2.1 The Mapping Problem
Cache holds a few thousand lines (blocks); main memory holds millions. Mapping answers: where may a given memory block live in the cache, and how do we recognise it there? Every scheme splits the physical address into fields — mastering that split solves 90% of cache numericals.
Running example: 64 KB byte-addressable main memory (16-bit addresses), 2 KB cache, 16-byte blocks. Cache lines = 2048 / 16 = 128 lines. Offset bits = log₂16 = 4.
2.2 Direct Mapping
Each memory block can live in exactly one line: line = (block number) mod 128.

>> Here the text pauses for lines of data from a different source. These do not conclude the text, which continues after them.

(* Let $G$ be a pro-group and $\varphi\colon G\to G$ an automorphism in $\operatorname{Pro}(\mathbf{Grp})$ with $\varphi^n=\mathrm{id}_G$ for some integer $n\ge1$. Then there exist a directed set $J$, an inverse system of groups $(G'_j)_{j\in J}$ and automorphisms $\varphi_j$ of $G'_j$ with $\varphi_j^n=\mathrm{id}$ commuting with the transition maps, and an isomorphism $G\cong G'$ in $\operatorname{Pro}(\mathbf{Grp})$ carrying $\varphi$ to the level automorphism $(\varphi_j)_j$.
   Context: For a category $\mathcal C$, $\operatorname{Pro}(\mathcal C)$ is its pro-completion: objects are inverse systems, i.e. functors $X\colon \mathcal I_X^{op}\to\mathcal C$ with $\mathcal I_X$ a small filtered category, and $\operatorname{Hom}_{\operatorname{Pro}(\mathcal C)}(X,Y)=\varprojlim_{j\in\mathcal I_Y}\varinjlim_{i\in\mathcal I_X}\mathcal C(X_i,Y_j)$. A pro-group is an object of $\operatorname{Pro}(\mathbf{Grp})$. *)

From Stdlib Require Import ProofIrrelevance.

Set Implicit Arguments.
Unset Strict Implicit.

Record Grp := {
  gcar :> Type;
  gmul : gcar -> gcar -> gcar;
  gone : gcar;
  ginv : gcar -> gcar;
  gassoc : forall x y z, gmul x (gmul y z) = gmul (gmul x y) z;
  gmul1l : forall x, gmul gone x = x;
  gmul1r : forall x, gmul x gone = x;
  gmulVl : forall x, gmul (ginv x) x = gone;
  gmulVr : forall x, gmul x (ginv x) = gone }.

Record GHom (A B : Grp) := {
  hfun :> A -> B;
  hmul : forall x y, hfun (gmul x y) = gmul (hfun x) (hfun y) }.

Definition ghom_id (A : Grp) : GHom A A :=
  {| hfun := fun x => x; hmul := fun x y => eq_refl |}.

Definition ghom_comp (A B C : Grp) (g : GHom B C) (f : GHom A B) : GHom A C.
Proof.
  refine {| hfun := fun x => g (f x) |}.
  intros x y; rewrite (hmul f), (hmul g); reflexivity.
Defined.

Fixpoint fiter {T : Type} (n : nat) (f : T -> T) (x : T) : T :=
  match n with O => x | S m => f (fiter m f x) end.

Record FiltCat := {
  ob :> Type;
  hom : ob -> ob -> Type;
  idm : forall a, hom a a;
  cmp : forall a b c, hom b c -> hom a b -> hom a c;
  cmp_idl : forall a b (f : hom a b), cmp (idm b) f = f;
  cmp_idr : forall a b (f : hom a b), cmp f (idm a) = f;
  cmp_assoc : forall a b c d (h : hom c d) (g : hom b c) (f : hom a b),
      cmp h (cmp g f) = cmp (cmp h g) f;
  filt_nonempty : inhabited ob;
  filt_cocone : forall a b, exists c (u : hom a c) (v : hom b c), True;
  filt_coeq : forall a b (u v : hom a b), exists c (w : hom b c), cmp w u = cmp w v }.
Arguments cmp {f0 a b c} : rename.
Arguments idm {f0} : rename.

Record ProGrp := {
  pidx : FiltCat;
  pobj :> pidx -> Grp;
  pmap : forall i k : pidx, hom i k -> GHom (pobj k) (pobj i);
  pmap_id : forall i x, pmap (idm i) x = x;
  pmap_comp : forall (i k l : pidx) (u : hom i k) (v : hom k l) x,
      pmap (cmp v u) x = pmap u (pmap v x) }.
Arguments pmap {p i k}.

(* Equality in colim_{i in I_X} Grp(X_i, Y_j) of the germs (i,f) and (i',f'). *)
Definition germ_eq (X Y : ProGrp) (j : pidx Y) (i : pidx X) (f : GHom (X i) (Y j))
    (i' : pidx X) (f' : GHom (X i') (Y j)) : Prop :=
  exists (k : pidx X) (u : hom i k) (u' : hom i' k),
    forall x : X k, f (pmap u x) = f' (pmap u' x).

Address (16 bits) = | TAG 5 | INDEX (line) 7 | OFFSET 4 |
index bits = log2(128) = 7, tag = 16 - 7 - 4 = 5
Address 0x2A47 = 0010 1010 0100 0111
TAG = 00101 (0x05)
INDEX = 010 0100 (line 36)
OFFSET = 0111 (byte 7 within the block)
Lookup: go straight to line 36, compare its stored tag with 00101; equal → hit, else → miss and refill. Why it's cheap: one comparator, no search. Why it hurts: two hot blocks with the same index (e.g., addresses 0x2A47 and 0x0A47) evict each other forever — conflict misses even when the cache is mostly empty.
2.3 Fully Associative Mapping
A block may live in any line: address = | TAG 12 | OFFSET 4 |. Lookup compares the tag against all 128 lines simultaneously, needing content-addressable memory (one comparator per line). Zero conflict misses, maximal hardware cost — practical only for tiny structures (e.g., TLBs).

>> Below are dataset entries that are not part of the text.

Lemma map_substV_closed j s l : Forall (fun v => closedV v) l -> map (substV j s) l = l.
Proof. induction 1; simpl; auto. rewrite substV_closed; congruence. Qed.

Lemma boundT_apps d t l : boundT d (apps t l) = andb (boundT d t) (forallb (boundV d) l).
Proof.
  revert t; induction l; intros; simpl; [now rewrite Bool.andb_true_r |].
  rewrite IHl. simpl. now rewrite Bool.andb_assoc.
Qed.

Definition id_lam : value := Lam (Val (Var 0)).

Lemma nlam_const_spec n w vs :
  length vs = n -> Forall (fun v => closedV v) vs -> closedV w ->
  red (apps (nlam n (Val w)) vs) (Val w) n.
Proof.
  revert vs; induction n; intros vs Hl Hf Hw.
  - destruct vs; simpl in *; try discriminate. apply red_refl.
  - destruct vs as [|v vs]; simpl in *; try discriminate. inversion Hf; subst.
    apply red_step_apps with (t' := substT 0 v (nlam n (Val w))); [apply step_beta |].
    rewrite substT_nlam by auto. simpl. rewrite substV_closed by auto.
    apply IHn; auto.
Qed.

Lemma nlam_var_select n x vs :
  length vs = S n -> Forall (fun v => closedV v) vs -> x <= n ->
  red (apps (Val (Lam (nlam n (Val (Var x))))) vs) (Val (nth (n - x) vs id_lam)) (S n).
Proof.
  revert x vs; induction n; intros x vs Hl Hf Hx.
  - destruct vs as [|v [|]]; simpl in *; try discriminate. inversion Hf; subst.
    replace x with 0 by lia. eapply red_step; [apply step_beta | apply red_refl].
  - destruct vs as [|v vs]; simpl in Hl; try discriminate. inversion Hf; subst. simpl apps.
    apply red_step_apps with (t' := substT 0 v (nlam (S n) (Val (Var x)))); [apply step_beta |].
    rewrite substT_nlam by auto. cbn [substT substV]. rewrite Nat.add_0_r.
    destruct (Nat.eqb_spec x (S n)).
    + subst. rewrite Nat.sub_diag. eapply red_mono; [apply nlam_const_spec; auto | lia].
    + destruct (Nat.ltb_spec (S n) x); [lia |].
      replace (S n - x) with (S (n - x)) by lia. apply IHn; auto. lia.
Qed.

Lemma enc_char_select p j vs :
  length vs = p -> Forall (fun v => closedV v) vs -> j < p ->
  red (apps (Val (enc_char p j)) vs) (Val (nth j vs id_lam)) p.
Proof.
  intros Hl Hf Hj. destruct p as [|p]; [lia |]. unfold enc_char, lamsV.
  replace (S p - 1) with p by lia. replace j with (p - (p - j)) at 2 by lia.
  apply nlam_var_select; auto; lia.
Qed.

Inductive nterm :=
| V (x : String.string)
| L (x : String.string) (b : nterm)
| Ap (f a : nterm)
| K (v : value).

(* Unbound names, and applications in argument position, compile to the junk index 1000;
   every combinator below is checked closed, so neither occurs. *)
Fixpoint idx (x : String.string) (ctx : list String.string) : nat :=
  match ctx with
  | [] => 1000
  | y :: c => if String.eqb x y then 0 else S (idx x c)
  end.

Fixpoint compT (ctx : list String.string) (e : nterm) {struct e} : term :=
  match e with
  | V x => Val (Var (idx x ctx))
  | L x b => Val (Lam (compT (x :: ctx) b))
  | Ap f a => App (compT ctx f) (compV ctx a)
  | K v => Val v
  end
with compV (ctx : list String.string) (e : nterm) {struct e} : value :=
  match e with
  | V x => Var (idx x ctx)
  | L x b => Lam (compT (x :: ctx) b)
  | K v => v
  | Ap _ _ => Var 1000
  end.

Definition lams (xs : list String.string) (b : nterm) : nterm := fold_right L b xs.
Definition aps (f : nterm) (xs : list nterm) : nterm := fold_left Ap xs f.

Create HintDb closed discriminated.
#[local] Hint Constants Opaque : closed.
#[local] Hint Resolve enc_str_closed : closed.
#[local] Hint Extern 1 (boundV 0 (enc_char _ _) = true) => apply enc_char_closed; lia : closed.

Ltac solve_closed := first [assumption | reflexivity | solve [auto with closed]].

Ltac drop_closed_substs :=
  repeat (rewrite ?substV_liftV; match goal with
  | |- context [liftV ?c ?w] => rewrite (liftV_closed w c) by solve_closed
  | |- context [substV ?j ?s ?w] => rewrite (substV_closed w j s) by solve_closed
  end).

Ltac find_redex := match goal with
  | |- step_det (App (Val _) _) _ => apply step_beta
  | |- step_det (App _ _) _ => apply step_ctx; find_redex
  end.

Ltac beta_step :=
  cbn [enc_str enc_char lamsV nlam Nat.sub map bW_idx bI_idx]; eapply red_step; [find_redex |
  cbn [substT substV liftT liftV Nat.eqb Nat.ltb Nat.leb Nat.pred nlam lamsV Nat.sub];
  drop_closed_substs].

Ltac eval_to_target := first [apply red_refl | beta_step; eval_to_target].

Ltac prove_closed :=
  cbn [boundV boundT Nat.ltb Nat.leb andb nlam lamsV Nat.sub];
  repeat match goal with
  | |- context [boundV ?d ?x] => rewrite (boundV_closed x d) by solve_closed
  end; cbn [andb]; reflexivity.

Lemma Forall_skipn {A} (P : A -> Prop) n l : Forall P l -> Forall P (skipn n l).
Proof. revert l; induction n; intros l H; simpl; auto. destruct H; simpl; auto. Qed.

Lemma Forall_tl {A} (P : A -> Prop) l : Forall P l -> Forall P (tl l).
Proof. destruct 1; simpl; auto. Qed.

Create HintDb symbols discriminated.
#[local] Hint Constants Opaque : symbols.
#[local] Hint Resolve Forall_skipn Forall_tl : symbols.

Ltac side_condition := first [solve [eauto with symbols] | prove_closed].

(* Reduce until the head is an instance of the specification [H]. *)
Ltac eval_with H :=
  first [eapply red_trans; [eapply H; side_condition |] | beta_step; eval_with H].

(** * Reversed binary numerals *)

Fixpoint bits_succ (l : list nat) : list nat :=
  match l with
  | [] => [1]
  | 0 :: r => 1 :: r
  | _ :: r => 0 :: bits_succ r
  end.

Fixpoint bits_pred (l : list nat) : list nat :=
  match l with
  | [] => []
  | 0 :: r => 1 :: bits_pred r
  | _ :: [] => []
  | _ :: r => 0 :: r
  end.

Fixpoint bits_val (l : list nat) : nat :=
  match l with [] => 0 | b :: r => b + 2 * bits_val r end.

Lemma bin_pos_succ q : bin_pos (Pos.succ q) = bits_succ (bin_pos q).
Proof. induction q; simpl; auto. rewrite IHq; auto. Qed.

Lemma bin_succ n : bin (S n) = bits_succ (bin n).
Proof.
  unfold bin. rewrite Nat2N.inj_succ. destruct (N.of_nat n); simpl; auto.
  apply bin_pos_succ.
Qed.

Lemma bits_pred_succ_bin_pos q : bits_pred (bits_succ (bin_pos q)) = bin_pos q.
Proof.
  induction q; simpl; auto.
  - rewrite IHq. reflexivity.
  - destruct (bin_pos q) eqn:E; [destruct q; discriminate | reflexivity].
Qed.

Lemma bin_pred n : bin n = bits_pred (bin (S n)).
Proof.
  rewrite bin_succ. unfold bin. destruct (N.of_nat n); [reflexivity |].
  now rewrite bits_pred_succ_bin_pos.
Qed.

Lemma bin_bits n : Forall (fun b => b <= 1) (bin n).
Proof.
  assert (H : forall q, Forall (fun b => b <= 1) (bin_pos q)) by (induction q; simpl; auto).
  unfold bin. destruct (N.of_nat n); auto.
Qed.

Lemma bits_val_bin n : bits_val (bin n) = n.
Proof.
  assert (H : forall q, bits_val (bin_pos q) = Pos.to_nat q)
    by (induction q; simpl; rewrite ?IHq; lia).
  unfold bin. destruct (N.of_nat n) eqn:E; simpl.
  - destruct n; [auto | discriminate].
  - rewrite H, <- (Nat2N.id n), E. reflexivity.
Qed.

Lemma bin_length_bound n : length (bin n) <= n /\ 2 ^ length (bin n) <= 2 * n + 1.
Proof.
  assert (H : forall q, length (bin_pos q) <= Pos.to_nat q /\
                        2 ^ length (bin_pos q) <= 2 * Pos.to_nat q).
  { induction q as [q IH | q IH |]; cbn [bin_pos length]; [| | simpl; lia];
      rewrite ?Pos2Nat.inj_xI, ?Pos2Nat.inj_xO, Nat.pow_succ_r'; pose proof (Pos2Nat.is_pos q); lia. }
  unfold bin. destruct (N.of_nat n) eqn:E; simpl; [lia |].
  pose proof (H p). assert (Pos.to_nat p = n) by (rewrite <- (Nat2N.id n), E; reflexivity). lia.
Qed.

#[local] Hint Resolve bin_bits : symbols.

(** * Combinators on binary numerals and strings *)

Local Open Scope string_scope.

Definition bin_nil := lams ["z0"; "z1"; "ze"] (V "ze").
Definition bin_zero r := lams ["z0"; "z1"; "ze"] (Ap (V "z0") r).
Definition bin_one r := lams ["z0"; "z1"; "ze"] (Ap (V "z1") r).
Definition work_nil := lams ["w0"; "w1"; "w2"; "we"] (V "we").
Definition work_var (j : nat) := V (match j with 0 => "w0" | 1 => "w1" | _ => "w2" end).
Definition work_cons (j : nat) r := lams ["w0"; "w1"; "w2"; "we"] (Ap (work_var j) r).
Definition work_char (j : nat) := lams ["w0"; "w1"; "w2"] (work_var j).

2.4 Set-Associative Mapping (the Compromise)
Group lines into sets; a block maps to exactly one set but may occupy any of the k lines within it (k-way). For 2-way: sets = 128 / 2 = 64 → set bits = 6.
Address = | TAG 6 | SET 6 | OFFSET 4 |
0x2A47 = 0010 1010 0100 0111
TAG = 001010 (10), SET = 100100 (36), OFFSET = 0111
Only k comparators per lookup, and two conflicting blocks can now coexist in one set. Real CPUs use 4–16 way L1/L2 caches.

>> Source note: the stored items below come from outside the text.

Lemma connect_stepP x y :
  connect (@step n D) x y <-> exists w, y = [ffun q => run D (x q) w].
Proof.
split.
- move/connectP=> [p]; elim: p x => [|s p IH] x /=.
    by move=> _ ->; exists [::]; apply/ffunP=> q; rewrite ffunE.
  move=> /andP[/existsP[b /eqP ->] /IH {}IH /IH[w ->]]; exists (b :: w).
  by apply/ffunP=> q; rewrite !ffunE.
- move=> [w ->]; elim: w x => [|b w IH] x.
    by rewrite (_ : [ffun q => _] = x) //; apply/ffunP=> q; rewrite ffunE.
  apply: (connect_trans (y := [ffun q => delta b (x q)])).
    by apply: connect1; apply/existsP; exists b.
  have -> : [ffun q => run D (x q) (b :: w)]
            = [ffun q => run D ([ffun q => delta b (x q)] q) w].
    by apply/ffunP=> q; rewrite !ffunE.
  exact: IH.
Qed.

Lemma tsgP t : t \in tsg D <-> exists a w, t = word_trans (a :: w).
Proof.
rewrite inE; split.
- move=> /existsP[a /connect_stepP[w ->]]; exists a, w.
  by apply/ffunP=> q; rewrite !ffunE.
- move=> [a [w ->]]; apply/existsP; exists a; apply/connect_stepP; exists w.
  by apply/ffunP=> q; rewrite !ffunE.
Qed.

Lemma tmul_word_trans u v :
  tmul (word_trans u) (word_trans v) = word_trans (u ++ v).
Proof. by apply/ffunP=> q; rewrite !ffunE run_cat. Qed.

Lemma tsg_tmul t s : t \in tsg D -> s \in tsg D -> tmul t s \in tsg D.
Proof.
move=> /tsgP[a [w ->]] /tsgP[b [v ->]]; rewrite tmul_word_trans; apply/tsgP.
by exists a, (w ++ b :: v).
Qed.

End TransitionSemigroup.
Arguments word_trans {n} D w.

Section States.
Variable n : nat.
Local Notation N := n.+2.

Definition init : 'I_N := ord0.
Definition sink : 'I_N := ord_max.
Definition inner (q : 'I_N) := (q != init) && (q != sink).

Lemma init_neq_sink : init != sink.
Proof. by rewrite -(inj_eq val_inj). Qed.

Lemma val_eq0 (x : 'I_N) : (val x == 0) = (x == init).
Proof. by rewrite -(inj_eq val_inj). Qed.

Lemma val_eq_sink (x : 'I_N) : (val x == n.+1) = (x == sink).
Proof. by rewrite -(inj_eq val_inj). Qed.

Lemma innerE (q : 'I_N) : inner q = (0 < q <= n).
Proof.
rewrite /inner -val_eq0 -val_eq_sink; case: q => [[|q] Hq] //=.
by rewrite eqSS ltn_neqAle -ltnS -ltnS Hq andbT.
Qed.

Lemma accepts_init (D : DFA N) w : accepts D w <-> run D init w \in final D.
Proof.
split; first by apply.
by move=> H p /eqP; rewrite val_eq0 => /eqP ->.
Qed.

Definition sf_trans (t : trans N) : Prop :=
  [/\ t sink = sink, forall q, t q != init &
      t init = sink \/ forall q, inner q -> t q != t init].

End States.

Section SuffixFreeDFA.
Variables (n : nat) (D : DFA n.+2).
Hypothesis HD : sf_dfa D.
Local Notation init := (init n).
Local Notation sink := (sink n).

Lemma reachable q : exists w, run D init w = q.
Proof. by case: HD => [[reach _] _]; apply: reach. Qed.

Lemma distinguishable p q :
  p <> q -> exists w, (run D p w \in final D) <> (run D q w \in final D).
Proof. by case: HD => [[_ dist] _]; apply: dist. Qed.

Lemma run_sink_notin_final w : run D sink w \notin final D.
Proof. by case: HD => [_ [empty _]]; apply: empty. Qed.

Lemma delta_sink (a : alph D) : delta a sink = sink.
Proof.
apply/eqP/negPn/negP => /eqP /distinguishable[w []].
rewrite (negbTE (run_sink_notin_final w)).
by have := run_sink_notin_final (a :: w) => /negbTE.
Qed.

Lemma run_sink w : run D sink w = sink.
Proof. by elim: w => //= a w IH; rewrite delta_sink. Qed.

Lemma coreachable p : p != sink -> exists w, run D p w \in final D.
Proof.
move=> /eqP /distinguishable[w Hw]; exists w.
by move: Hw; rewrite (negbTE (run_sink_notin_final w)); case: (_ \in _).
Qed.

Lemma suffix_free_nil v u :
  run D init (v ++ u) \in final D -> run D init u \in final D -> v = [::].
Proof.
move=> /accepts_init Hvu /accepts_init Hu; case: HD => [_ [_ sf]].
move: (sf _ _ Hvu Hu (suffix_suffix v u)) => /(congr1 size).
by rewrite size_cat; case: v {Hvu} => //= ? ?; lia.
Qed.

Lemma word_trans_sf (a : alph D) w : sf_trans (word_trans D (a :: w)).
Proof.
set u := a :: w; split; first by rewrite ffunE run_sink.
- move=> q; apply/eqP; rewrite ffunE => Hq.
  have [v Hv] := reachable q; have [x Hx] := coreachable (init_neq_sink n).
  have := @suffix_free_nil (v ++ u) x; rewrite !run_cat Hv Hq => /(_ Hx Hx).
  by case: v Hv.
- have [->|Hinit] := eqVneq (word_trans D u init) sink; [by left | right].
  move=> q /andP[q_init _]; apply/eqP; rewrite !ffunE => Hq.
  rewrite ffunE in Hinit; have [v Hv] := reachable q; have [x Hx] := coreachable Hinit.
  have := @suffix_free_nil v (u ++ x); rewrite !run_cat Hv Hq => /(_ Hx Hx) v0.
  by move: Hv q_init; rewrite v0 => <-; rewrite eqxx.
Qed.

Lemma tsg_sf_trans t : t \in tsg D -> sf_trans t.
Proof. by move=> /tsgP[a [w ->]]; apply: word_trans_sf. Qed.

End SuffixFreeDFA.

Fixpoint subseqs T (s : seq T) : seq (seq T) :=
  if s is x :: s' then let r := subseqs s' in map (cons x) r ++ r else [:: [::]].

Lemma filter_subseqs (T : eqType) (P : pred T) s : filter P s \in subseqs s.
Proof.
elim: s => [|x s IH] //=; rewrite mem_cat; case: (P x).
- by rewrite map_f.
- by rewrite IH orbT.
Qed.

(* Graphs on the inner states 1..n are lists of edges (p, r) with p < r. *)
Definition adj (E : seq (nat * nat)) p r := ((p, r) \in E) || ((r, p) \in E).

Section Compatible.
Variable n : nat.
Local Notation N := n.+2.
Local Notation init := (init n).
Local Notation sink := (sink n).

Definition inner_pairs : seq (nat * nat) :=
  [seq pr <- [seq (p, r) | p <- iota 1 n, r <- iota 1 n] | pr.1 < pr.2].

Lemma mem_inner_pairs p r : ((p, r) \in inner_pairs) = [&& 0 < p, p < r & r <= n].
Proof.
rewrite mem_filter /=; apply/andP/idP => [[pr /allpairsP[[a b] /= [pa rb [Ea Eb]]]]|].
  by move: pa rb; rewrite -Ea -Eb !mem_iota !add1n !ltnS pr => /andP[-> _] /andP[_ ->].
case/and3P => p0 pr rn; split=> //; apply/allpairsP; exists (p, r).
by rewrite !mem_iota !add1n !ltnS p0 rn (leq_trans (ltnW pr) rn) (ltn_trans p0 pr).
Qed.

Lemma adj_inner_pairs p r :
  0 < p <= n -> 0 < r <= n -> adj inner_pairs p r = (p != r).
Proof.
move=> /andP[p0 pn] /andP[r0 rn]; rewrite /adj !mem_inner_pairs p0 r0 pn rn /=.
by case: ltngtP.
Qed.

Definition respects E (t : trans N) : Prop :=
  forall p r, inner p -> inner r -> adj E p r -> t p = sink \/ t p != t r.

Definition collides_in E (t : trans N) : Prop :=
  t init = sink \/ forall q, inner q -> t q = sink \/ adj E (t init) (t q).

Definition compatible E (t : trans N) : Prop :=
  [/\ sf_trans t, respects E t & collides_in E t].

Section DFAGraph.
Variable D : DFA N.
Hypothesis HD : sf_dfa D.

Definition collide (p r : nat) : bool :=
  [exists t in tsg D, (val (t init) == p) && [exists q, inner q && (val (t q) == r)]].

Definition dfa_graph : seq (nat * nat) :=
  [seq pr <- inner_pairs | collide pr.1 pr.2 || collide pr.2 pr.1].

Lemma mem_dfa_graph p r :
  ((p, r) \in dfa_graph) = (collide p r || collide r p) && ((p, r) \in inner_pairs).
Proof. by rewrite mem_filter. Qed.

(* Composing the witness of the collision with t gives an element of the
   semigroup, to which the suffix-free constraint applies. *)
Lemma collide_separated t (p r : 'I_N) :
  t \in tsg D -> collide p r -> t p = sink \/ t r != t p.
Proof.
move=> Ht /existsP[s /andP[Hs /andP[/eqP sp /existsP[q /andP[Hq /eqP sq]]]]].
have [_ _] := tsg_sf_trans HD (tsg_tmul Hs Ht).
rewrite !ffunE (val_inj sp) => -[|/(_ q Hq)]; first by left.
by rewrite ffunE (val_inj sq); right.
Qed.

Lemma tsg_respects t : t \in tsg D -> respects dfa_graph t.
Proof.
move=> Ht p r _ _ pr.
have : collide p r || collide r p.
  by case/orP: pr; rewrite mem_dfa_graph => /andP[/orP[] -> _]; rewrite ?orbT.
case/orP=> /(collide_separated Ht).
- by case=> [|]; [left | right; rewrite eq_sym].
- case=> [tr|]; last by right.
  by case: (eqVneq (t p) sink) => [|tp]; [left | right; rewrite tr].
Qed.

Lemma adj_dfa_graph (p r : 'I_N) :
  inner p -> inner r -> p != r -> collide p r -> adj dfa_graph p r.
Proof.
rewrite !innerE -(inj_eq val_inj) => /andP[p0 pn] /andP[r0 rn] pr Hc.
rewrite /adj !mem_dfa_graph Hc orbT /= !mem_inner_pairs p0 r0 pn rn /=.
by move: pr; case: ltngtP.
Qed.

Lemma tsg_collides_in t : t \in tsg D -> collides_in dfa_graph t.
Proof.
move=> Ht; have [_ t_init] := tsg_sf_trans HD Ht.
case=> [|sep]; first by left.
have [|t0_sink] := eqVneq (t init) sink; [by left | right => q Hq].
have [|tq_sink] := eqVneq (t q) sink; [by left | right].
apply: adj_dfa_graph; rewrite /inner ?t_init //; first by rewrite eq_sym sep.
apply/existsP; exists t; rewrite Ht eqxx /=.
by apply/existsP; exists q; rewrite Hq eqxx.
Qed.

Lemma tsg_compatible t : t \in tsg D -> compatible dfa_graph t.
Proof.
move=> Ht; split; first exact: (tsg_sf_trans HD Ht).
  by apply: tsg_respects.
by apply: tsg_collides_in.
Qed.

End DFAGraph.
End Compatible.

Fixpoint tuples_over T k (vals : seq T) : seq (seq T) :=
  if k is k'.+1 then [seq x :: s | x <- vals, s <- tuples_over k' vals] else [:: [::]].

Lemma mem_tuples_over (T : eqType) k (vals : seq T) s :
  (s \in tuples_over k vals) = (size s == k) && all (fun x => x \in vals) s.
Proof.
elim: k s => [|k IH] [|x s] //=.
- by apply/negbTE/negP => /allpairsP[[a b] [_ _ /=]].
- apply/allpairsP/idP => [[[a b] [/= Ha Hb [-> ->]]]|].
    by move: Hb; rewrite IH eqSS Ha => /andP[-> ->].
  by rewrite eqSS => /and3P[Hs Hx Ha]; exists (x, s); rewrite /= IH Hs Ha.
Qed.

Lemma uniq_tuples_over (T : eqType) k (vals : seq T) :
  uniq vals -> uniq (tuples_over k vals).
Proof.
move=> Uv; elim: k => [|k IH] //=.
by apply: allpairs_uniq => // [[a b] [c d]] _ _ /= [-> ->].
Qed.

(* Cardinalities of finite types are locked and do not compute, so for the
   exhaustive count a transformation t of 'I_N is encoded as the list of the
   values of 0t, ..., (N-1)t; the predicates below are the literal
   translations of [sf_trans], [respects] and [collides_in]. *)
Section Encoding.
Variable n : nat.
Local Notation N := n.+2.
Local Notation init := (init n).
Local Notation sink := (sink n).

Definition code (t : trans N) : seq nat := mkseq (fun i => val (t (inord i))) N.
Definition decode (l : seq nat) : trans N := [ffun i : 'I_N => inord (nth 0 l i)].
Definition codes : seq (seq nat) := tuples_over N (iota 0 N).

Definition sf_code (l : seq nat) : bool :=
  [&& nth 0 l n.+1 == n.+1, all (fun q => nth 0 l q != 0) (iota 0 N)
    & (nth 0 l 0 == n.+1) || all (fun q => nth 0 l q != nth 0 l 0) (iota 1 n)].

Definition respects_code E (l : seq nat) : bool :=
  all (fun p => all (fun r =>
    ~~ adj E p r || (nth 0 l p == n.+1) || (nth 0 l p != nth 0 l r)) (iota 1 n))
  (iota 1 n).

Definition collides_code E (l : seq nat) : bool :=
  (nth 0 l 0 == n.+1) ||
  all (fun q => (nth 0 l q == n.+1) || adj E (nth 0 l 0) (nth 0 l q)) (iota 1 n).

Definition compatible_code E (l : seq nat) : bool :=
  [&& sf_code l, respects_code E l & collides_code E l].

Lemma nth_code t (i : 'I_N) : nth 0 (code t) i = val (t i).
Proof. by rewrite nth_mkseq // inord_val. Qed.

Lemma code_inj : injective code.
Proof. by move=> t s eq_ts; apply/ffunP=> i; apply/val_inj; rewrite -!nth_code eq_ts. Qed.

Lemma code_in_codes t : code t \in codes.
Proof.
rewrite mem_tuples_over size_mkseq eqxx; apply/allP => _ /mapP[i _ ->].
by rewrite mem_iota ltn_ord.
Qed.

Lemma decodeK l : l \in codes -> code (decode l) = l.
Proof.
rewrite mem_tuples_over => /andP[/eqP size_l /allP l_vals].
apply: (@eq_from_nth _ 0); first by rewrite size_mkseq size_l.
move=> i; rewrite size_mkseq => lt_i_N; rewrite nth_mkseq // ffunE inordK //.
apply: inordK; have := l_vals (nth 0 l i).
by rewrite mem_iota; apply; rewrite mem_nth ?size_l.
Qed.

Lemma all_iota_ordP (P : pred nat) : all P (iota 0 N) <-> forall i : 'I_N, P i.
Proof.
split => [/allP H i|H]; first by apply: H; rewrite mem_iota ltn_ord.
by apply/allP => x; rewrite mem_iota => /= lt_x_N; apply: (H (Ordinal lt_x_N)).
Qed.

Lemma all_iota_innerP (P : pred nat) :
  all P (iota 1 n) <-> forall i : 'I_N, inner i -> P i.
Proof.
split => [/allP H i|H].
  by rewrite innerE => i_inner; apply: H; rewrite mem_iota add1n ltnS.
apply/allP => x; rewrite mem_iota add1n ltnS => /andP[x0 xn].
have lt_x_N : x < N by rewrite ltnS ltnW.
by apply: (H (Ordinal lt_x_N)); rewrite innerE x0.
Qed.

Lemma sf_codeP t : sf_code (code t) <-> sf_trans t.
Proof.
rewrite /sf_code (nth_code t init) (nth_code t sink) val_eq_sink; split.
- move=> /and3P[/eqP t_sink /all_iota_ordP t_init sep]; split.
  + exact: t_sink.
  + by move=> q; have := t_init q; rewrite nth_code val_eq0.
  + case/orP: sep => [|/all_iota_innerP sep]; first by left; apply/eqP.
    by right=> q /sep; rewrite nth_code (inj_eq val_inj).
- case=> t_sink t_init sep; rewrite t_sink eqxx /=; apply/andP; split.
    by apply/all_iota_ordP => i; rewrite nth_code val_eq0.
  case: sep => [->|sep]; rewrite ?eqxx //; apply/orP; right.
  by apply/all_iota_innerP => q /sep; rewrite nth_code (inj_eq val_inj).
Qed.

| Criterion | Direct | k-way Set-Assoc | Fully Assoc |
|---|---|---|---|
| Placement freedom | 1 line | k lines | anywhere |
| Comparators | 1 | k | one per line |
| Conflict misses | worst | low | none |
| Cost/speed | cheapest, fastest | balanced | costliest |
2.5 Replacement and Write Policies
On a miss in a full set, evict which line? LRU (least recently used — best locality match, needs usage bits), FIFO (oldest in — simpler, ignores reuse), Random (surprisingly decent, trivial hardware). Example: 2-way set, accesses A, B, A, C → LRU evicts B (A was touched more recently); FIFO evicts A (loaded first).
| Policy | Write hit action | Write miss (typical pairing) | Trade-off |
|---|---|---|---|
| Write-through | write cache and memory | no-write-allocate | memory always consistent; heavy bus traffic (add a write buffer) |
| Write-back | write cache only, set dirty bit; write memory on eviction | write-allocate | minimal traffic; memory temporarily stale — DMA/multicore must beware |
2.6 Cache Performance: AMAT
AMAT = hit time + miss rate x miss penalty
Example: tc = 2 ns, h = 0.9, penalty = 50 ns
AMAT = 2 + 0.1 x 50 = 7 ns
Two-level: L1 2 ns, L1 miss 10%; L2 10 ns, L2 miss 20%; memory 100 ns
AMAT = 2 + 0.1 x (10 + 0.2 x 100) = 2 + 0.1 x 30 = 5 ns
Misses come in three flavours — compulsory (first touch), capacity (working set exceeds cache), conflict (mapping collisions; the kind associativity removes). Classifying a miss stream is a rising exam favourite.
🎯 Exam Focus
- A 4 KB cache with 32-byte lines serves a 1 MB byte-addressable memory. Give the tag/index/offset widths for direct mapping, and for 4-way set-associative mapping.
- For direct mapping in Section 2.2, which line and tag does address 0x1B6C use? Show the binary split.
- Compare direct, associative and set-associative mapping on placement, comparators and conflict misses.
- Differentiate write-through and write-back caches; what is a dirty bit and why does DMA complicate write-back?
- Cache hit time 4 ns, miss penalty 80 ns: what hit ratio keeps AMAT below 10 ns? (Solve for h.)
- Explain compulsory, capacity and conflict misses with one scenario each.